Input data START

Let bdd_M {u : nat -> E} : (forall k, `|u k| <= M) -> bdd_seq u.
Proof. by exists M. Qed.

Lemma Dg_vS_v_le_incr k :
  Dg g g' (v k.+1) (v k) <= Dg g g' (v k.+1) (v 0%N) - Dg g g' (v k) (v 0%N).
Proof.
have := vS_N k; rewrite /Nset /= subr_le0 => hN.
by rewrite (Dg_three_point hF (v k.+1) (v 0%N) (v k)) addrAC addrK lerDl subr_ge0.
Qed.

Lemma norm_vS_sub_v_cvg0 : (fun k => `|v k.+1 - v k|) @ \oo --> 0.
Proof.
pose d k := Dg g g' (v k) (v 0%N).
have d_nd : nondecreasing_seq d.
  apply/nondecreasing_seqP => k; rewrite -subr_ge0.
  exact: le_trans (Dg_ge0 hF _ _) (Dg_vS_v_le_incr k).
have d_ub : has_ubound (range d).
  exists (2 * B * (2 * M)) => _ [k _ <-].
  apply: (le_trans (Dg_le_dist hB hF _ _ (vM k) (vM 0%N))).
  rewrite ler_wpM2l ?mulr_ge0 // (le_trans (ler_normB _ _)) //.
  by have := vM k; have := vM 0%N; lra.
apply: (dist_cvg0_of_Dg_cvg0 (b := fun k => v k.+1) hF h2 (bdd_M vM)).
apply: (squeeze_cvg0 1 _ (cvg_succ_sub0 (nondecreasing_cvgn d_nd d_ub))) => k.
by rewrite Dg_ge0 // mul1r Dg_vS_v_le_incr.
Qed.

Lemma norm_v_sub_x_cvg0 : (fun k => `|v k - x k|) @ \oo --> 0.
Proof.
apply: (dist_cvg0_of_Dg_cvg0 hF h2 (bdd_M xM)).
apply: (squeeze_cvg0 (2 * B / epsi) _ norm_vS_sub_v_cvg0) => k.
rewrite Dg_ge0 //=; apply: (cut_depth_le hB eps0 (eps_gamma k) (Dg_ge0 hF _ _) (vM k) (xM k)).
exact: vS_M.
Qed.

Input data END

- What you are asked to do -
Begin at the line above that has "apply: (le_trans (Dg_le_dist" and stop after the line that has "apply: (dist_cvg0_of_Dg_cvg0 (b", copying each line exactly and adding nothing else.

- Exercise output -
  apply: (le_trans (Dg_le_dist hB hF _ _ (vM k) (vM 0%N))).
  rewrite ler_wpM2l ?mulr_ge0 // (le_trans (ler_normB _ _)) //.
  by have := vM k; have := vM 0%N; lra.
apply: (dist_cvg0_of_Dg_cvg0 (b := fun k => v k.+1) hF h2 (bdd_M vM)).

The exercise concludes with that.